(* Let the contents be $\mathcal{C}=\{1,\dots,C\}$ with normalized popularities $\hat\nu_1\ge\hat\nu_2\ge\dots\ge\hat\nu_C>0$, $\sum_c\hat\nu_c=1$, let $\rho>0$, $\rho_c=\rho\hat\nu_c$, and let $M\ge1$ be an integer. Consider the linear program (OPT 2) $$\max_{\tilde{\mathbf m},\boldsymbol\lambda,\mathbf x}\ \sum_{c\in\mathcal{C}}(\rho_c\tilde m_c+x_c)$$ subject to: for all $c$, $0\le\tilde m_c\le1$, $0\le\lambda_c\le\tilde m_c$, $0\le x_c\le\lambda_c$, $x_c\le\rho_c(1-\tilde m_c)$; and $\sum_c\tilde m_c=M$, $\sum_c\lambda_c\le1$. Let $c^*$ be the index such that $\sum_{c=M}^{c^*}\frac{\rho_c}{1+\rho_c}\le1$ but $\sum_{c=M}^{c^*+1}\frac{\rho_c}{1+\rho_c}>1$. Then the following is an optimal solution of OPT 2: (i) for $1\le c\le M-1$: $\tilde m_c=1$, $\lambda_c=x_c=0$; (ii) for $M\le c\le c^*$: $\tilde m_c=\lambda_c=x_c=\rho_c/(1+\rho_c)$; (iii) for $c=c^*+1$: $\tilde m_c=\lambda_c=x_c=1-\sum_{c'=M}^{c^*}\tilde m_{c'}$; (iv) for $c^*+2\le c\le C$: $\tilde m_c=\lambda_c=x_c=0$.
   Context: In the pure peer-to-peer setting, $\tilde m_c$ is the fraction of boxes caching content $c$, $\lambda_c$ the fraction of total upload bandwidth devoted to content $c$, and $\rho_c$ the (normalized) traffic load of requests for $c$. *)

From HB Require Import structures.
From mathcomp Require Import all_boot all_order all_algebra.
Set Implicit Arguments. Unset Strict Implicit. Unset Printing Implicit Defensive.
Import Order.TTheory GRing.Theory Num.Theory.
Local Open Scope ring_scope.

Definition rhoc {R : realFieldType} (rho : R) (nu : nat -> R) (c : nat) : R :=
  rho * nu c.

Definition opt2_feasible {R : realFieldType} (C : nat) (rho : R) (nu : nat -> R)
  (M : nat) (m lam x : nat -> R) : Prop :=
  (forall c : nat, (1 <= c <= C)%N ->
     [/\ 0 <= m c /\ m c <= 1, 0 <= lam c /\ lam c <= m c,
         0 <= x c, x c <= lam c & x c <= rhoc rho nu c * (1 - m c)])
  /\ \sum_(1 <= c < C.+1) m c = M%:R
  /\ \sum_(1 <= c < C.+1) lam c <= 1.

Definition opt2_obj {R : realFieldType} (C : nat) (rho : R) (nu : nat -> R)
  (m x : nat -> R) : R :=
  \sum_(1 <= c < C.+1) (rhoc rho nu c * m c + x c).

Definition opt2_optimal {R : realFieldType} (C : nat) (rho : R) (nu : nat -> R)
  (M : nat) (m lam x : nat -> R) : Prop :=
  opt2_feasible C rho nu M m lam x /\
  forall m' lam' x' : nat -> R, opt2_feasible C rho nu M m' lam' x' ->
    opt2_obj C rho nu m' x' <= opt2_obj C rho nu m x.

Definition sol_m {R : realFieldType} (rho : R) (nu : nat -> R) (M cs : nat)
  (c : nat) : R :=
  if (c < M)%N then 1
  else if (c <= cs)%N then rhoc rho nu c / (1 + rhoc rho nu c)
  else if c == cs.+1 then
    1 - \sum_(M <= c' < cs.+1) rhoc rho nu c' / (1 + rhoc rho nu c')
  else 0.

(* lambda_c = x_c of the proposed solution. *)
Definition sol_lx {R : realFieldType} (rho : R) (nu : nat -> R) (M cs : nat)
  (c : nat) : R :=
  if (c < M)%N then 0 else sol_m rho nu M cs c.

(** Weak LP duality with an explicit dual certificate.  Price the bandwidth
    constraint [\sum lambda <= 1] at [mu = (1 + rho_(c*+1)) / (1 + rho_M)] and
    the cache constraint [\sum m = M] at [T = 1 + rho_(c*+1) - mu], so that
    [mu + T = 1 + rho_(c*+1)] and, since [rho] is nonincreasing,
    [mu (1 + rho_c)] is [>= 1 + rho_(c*+1)] for [c <= M] and [<=] for
    [c >= M].  For each content [c] there is then a constant [K c] with
    [rho_c m + x <= K c + mu lambda + T m] on the whole box of per-content
    constraints, with equality at the proposed solution (complementary
    slackness).  Summing over [c] bounds every feasible objective by
    [\sum K + mu + T M], which the proposed solution attains. *)

From mathcomp Require Import all_boot all_order all_algebra.
From mathcomp Require Import ring lra zify.
Import Order.TTheory GRing.Theory Num.Theory.
Local Open Scope ring_scope.

Definition opt2_box {R : realFieldType} (r m lam x : R) : Prop :=
  [/\ 0 <= m /\ m <= 1, 0 <= lam /\ lam <= m, 0 <= x, x <= lam & x <= r * (1 - m)].

Lemma opt2_optimal_of_dual (R : realFieldType) (C : nat) (rho : R) (nu : nat -> R)
    (M : nat) (m lam x K : nat -> R) (mu T : R) :
  0 <= mu ->
  opt2_feasible C rho nu M m lam x ->
  \sum_(1 <= c < C.+1) lam c = 1 ->
  (forall c, (1 <= c <= C)%N -> forall a b d : R, opt2_box (rhoc rho nu c) a b d ->
     rhoc rho nu c * a + d <= K c + mu * b + T * a) ->
  (forall c, (1 <= c <= C)%N ->
     rhoc rho nu c * m c + x c = K c + mu * lam c + T * m c) ->
  opt2_optimal C rho nu M m lam x.
Proof.
move=> mu_ge0 feas lam_sum dual_bound dual_eq.
split=> // m' lam' x' [box [m'_sum lam'_sum]].
have dual_split (n l : nat -> R) : \sum_(1 <= c < C.+1) (K c + mu * l c + T * n c) =
    \sum_(1 <= c < C.+1) K c + mu * \sum_(1 <= c < C.+1) l c
    + T * \sum_(1 <= c < C.+1) n c.
  by rewrite !big_split /= !mulr_sumr.
have [_ [m_sum _]] := feas.
rewrite /opt2_obj.
apply: (@le_trans _ _ (\sum_(1 <= c < C.+1) (K c + mu * lam' c + T * m' c))).
  rewrite big_nat_cond [leRHS]big_nat_cond; apply: ler_sum => c /andP[hc _].
  by apply: dual_bound; [lia | apply: box; lia].
have -> : \sum_(1 <= c < C.+1) (rhoc rho nu c * m c + x c) =
    \sum_(1 <= c < C.+1) (K c + mu * lam c + T * m c).
  rewrite big_nat_cond [RHS]big_nat_cond; apply: eq_bigr => c /andP[hc _].
  by rewrite dual_eq //; lia.
by rewrite !dual_split m'_sum m_sum lam_sum lerD2r lerD2l ler_wpM2l.
Qed.

(* In the three bounds below the slack is a nonnegative combination of the
   products [e1], [e2], [e3] of nonnegative factors. *)
Lemma content_bound_cached {R : realFieldType} {r r' mu m lam x : R} :
  0 <= mu -> mu <= 1 -> 1 + r' <= mu * (1 + r) -> m <= 1 -> x <= lam ->
  x <= r * (1 - m) ->
  r * m + x <= r - (1 + r' - mu) + mu * lam + (1 + r' - mu) * m.
Proof.
move=> mu_ge0 mu_le1 mu_gap m_le1 x_le_lam x_le_demand.
have e1 : 0 <= (1 - mu) * (r * (1 - m) - x).
  by apply: mulr_ge0; rewrite ?subr_ge0 //; lra.
have e2 : 0 <= mu * (lam - x) by apply: mulr_ge0; rewrite ?subr_ge0 //; lra.
have e3 : 0 <= (mu * (1 + r) - (1 + r')) * (1 - m).
  by apply: mulr_ge0; rewrite ?subr_ge0 //; lra.
nra.
Qed.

============

(ACTIVITY)
All entries shown above should be duplicated without a single difference.

(RESPONSE BOX)
(* Let the contents be $\mathcal{C}=\{1,\dots,C\}$ with normalized popularities $\hat\nu_1\ge\hat\nu_2\ge\dots\ge\hat\nu_C>0$, $\sum_c\hat\nu_c=1$, let $\rho>0$, $\rho_c=\rho\hat\nu_c$, and let $M\ge1$ be an integer. Consider the linear program (OPT 2) $$\max_{\tilde{\mathbf m},\boldsymbol\lambda,\mathbf x}\ \sum_{c\in\mathcal{C}}(\rho_c\tilde m_c+x_c)$$ subject to: for all $c$, $0\le\tilde m_c\le1$, $0\le\lambda_c\le\tilde m_c$, $0\le x_c\le\lambda_c$, $x_c\le\rho_c(1-\tilde m_c)$; and $\sum_c\tilde m_c=M$, $\sum_c\lambda_c\le1$. Let $c^*$ be the index such that $\sum_{c=M}^{c^*}\frac{\rho_c}{1+\rho_c}\le1$ but $\sum_{c=M}^{c^*+1}\frac{\rho_c}{1+\rho_c}>1$. Then the following is an optimal solution of OPT 2: (i) for $1\le c\le M-1$: $\tilde m_c=1$, $\lambda_c=x_c=0$; (ii) for $M\le c\le c^*$: $\tilde m_c=\lambda_c=x_c=\rho_c/(1+\rho_c)$; (iii) for $c=c^*+1$: $\tilde m_c=\lambda_c=x_c=1-\sum_{c'=M}^{c^*}\tilde m_{c'}$; (iv) for $c^*+2\le c\le C$: $\tilde m_c=\lambda_c=x_c=0$.
   Context: In the pure peer-to-peer setting, $\tilde m_c$ is the fraction of boxes caching content $c$, $\lambda_c$ the fraction of total upload bandwidth devoted to content $c$, and $\rho_c$ the (normalized) traffic load of requests for $c$. *)

From HB Require Import structures.
From mathcomp Require Import all_boot all_order all_algebra.
Set Implicit Arguments. Unset Strict Implicit. Unset Printing Implicit Defensive.
Import Order.TTheory GRing.Theory Num.Theory.
Local Open Scope ring_scope.

Definition rhoc {R : realFieldType} (rho : R) (nu : nat -> R) (c : nat) : R :=
  rho * nu c.

Definition opt2_feasible {R : realFieldType} (C : nat) (rho : R) (nu : nat -> R)
  (M : nat) (m lam x : nat -> R) : Prop :=
  (forall c : nat, (1 <= c <= C)%N ->
     [/\ 0 <= m c /\ m c <= 1, 0 <= lam c /\ lam c <= m c,
         0 <= x c, x c <= lam c & x c <= rhoc rho nu c * (1 - m c)])
  /\ \sum_(1 <= c < C.+1) m c = M%:R
  /\ \sum_(1 <= c < C.+1) lam c <= 1.

Definition opt2_obj {R : realFieldType} (C : nat) (rho : R) (nu : nat -> R)
  (m x : nat -> R) : R :=
  \sum_(1 <= c < C.+1) (rhoc rho nu c * m c + x c).

Definition opt2_optimal {R : realFieldType} (C : nat) (rho : R) (nu : nat -> R)
  (M : nat) (m lam x : nat -> R) : Prop :=
  opt2_feasible C rho nu M m lam x /\
  forall m' lam' x' : nat -> R, opt2_feasible C rho nu M m' lam' x' ->
    opt2_obj C rho nu m' x' <= opt2_obj C rho nu m x.

Definition sol_m {R : realFieldType} (rho : R) (nu : nat -> R) (M cs : nat)
  (c : nat) : R :=
  if (c < M)%N then 1
  else if (c <= cs)%N then rhoc rho nu c / (1 + rhoc rho nu c)
  else if c == cs.+1 then
    1 - \sum_(M <= c' < cs.+1) rhoc rho nu c' / (1 + rhoc rho nu c')
  else 0.

(* lambda_c = x_c of the proposed solution. *)
Definition sol_lx {R : realFieldType} (rho : R) (nu : nat -> R) (M cs : nat)
  (c : nat) : R :=
  if (c < M)%N then 0 else sol_m rho nu M cs c.

(** Weak LP duality with an explicit dual certificate.  Price the bandwidth
    constraint [\sum lambda <= 1] at [mu = (1 + rho_(c*+1)) / (1 + rho_M)] and
    the cache constraint [\sum m = M] at [T = 1 + rho_(c*+1) - mu], so that
    [mu + T = 1 + rho_(c*+1)] and, since [rho] is nonincreasing,
    [mu (1 + rho_c)] is [>= 1 + rho_(c*+1)] for [c <= M] and [<=] for
    [c >= M].  For each content [c] there is then a constant [K c] with
    [rho_c m + x <= K c + mu lambda + T m] on the whole box of per-content
    constraints, with equality at the proposed solution (complementary
    slackness).  Summing over [c] bounds every feasible objective by
    [\sum K + mu + T M], which the proposed solution attains. *)

From mathcomp Require Import all_boot all_order all_algebra.
From mathcomp Require Import ring lra zify.
Import Order.TTheory GRing.Theory Num.Theory.
Local Open Scope ring_scope.

Definition opt2_box {R : realFieldType} (r m lam x : R) : Prop :=
  [/\ 0 <= m /\ m <= 1, 0 <= lam /\ lam <= m, 0 <= x, x <= lam & x <= r * (1 - m)].

Lemma opt2_optimal_of_dual (R : realFieldType) (C : nat) (rho : R) (nu : nat -> R)
    (M : nat) (m lam x K : nat -> R) (mu T : R) :
  0 <= mu ->
  opt2_feasible C rho nu M m lam x ->
  \sum_(1 <= c < C.+1) lam c = 1 ->
  (forall c, (1 <= c <= C)%N -> forall a b d : R, opt2_box (rhoc rho nu c) a b d ->
     rhoc rho nu c * a + d <= K c + mu * b + T * a) ->
  (forall c, (1 <= c <= C)%N ->
     rhoc rho nu c * m c + x c = K c + mu * lam c + T * m c) ->
  opt2_optimal C rho nu M m lam x.
Proof.
move=> mu_ge0 feas lam_sum dual_bound dual_eq.
split=> // m' lam' x' [box [m'_sum lam'_sum]].
have dual_split (n l : nat -> R) : \sum_(1 <= c < C.+1) (K c + mu * l c + T * n c) =
    \sum_(1 <= c < C.+1) K c + mu * \sum_(1 <= c < C.+1) l c
    + T * \sum_(1 <= c < C.+1) n c.
  by rewrite !big_split /= !mulr_sumr.
have [_ [m_sum _]] := feas.
rewrite /opt2_obj.
apply: (@le_trans _ _ (\sum_(1 <= c < C.+1) (K c + mu * lam' c + T * m' c))).
  rewrite big_nat_cond [leRHS]big_nat_cond; apply: ler_sum => c /andP[hc _].
  by apply: dual_bound; [lia | apply: box; lia].
have -> : \sum_(1 <= c < C.+1) (rhoc rho nu c * m c + x c) =
    \sum_(1 <= c < C.+1) (K c + mu * lam c + T * m c).
  rewrite big_nat_cond [RHS]big_nat_cond; apply: eq_bigr => c /andP[hc _].
  by rewrite dual_eq //; lia.
by rewrite !dual_split m'_sum m_sum lam_sum lerD2r lerD2l ler_wpM2l.
Qed.

(* In the three bounds below the slack is a nonnegative combination of the
   products [e1], [e2], [e3] of nonnegative factors. *)
Lemma content_bound_cached {R : realFieldType} {r r' mu m lam x : R} :
  0 <= mu -> mu <= 1 -> 1 + r' <= mu * (1 + r) -> m <= 1 -> x <= lam ->
  x <= r * (1 - m) ->
  r * m + x <= r - (1 + r' - mu) + mu * lam + (1 + r' - mu) * m.
Proof.
move=> mu_ge0 mu_le1 mu_gap m_le1 x_le_lam x_le_demand.
have e1 : 0 <= (1 - mu) * (r * (1 - m) - x).
  by apply: mulr_ge0; rewrite ?subr_ge0 //; lra.
have e2 : 0 <= mu * (lam - x) by apply: mulr_ge0; rewrite ?subr_ge0 //; lra.
have e3 : 0 <= (mu * (1 + r) - (1 + r')) * (1 - m).
  by apply: mulr_ge0; rewrite ?subr_ge0 //; lra.
nra.
Qed.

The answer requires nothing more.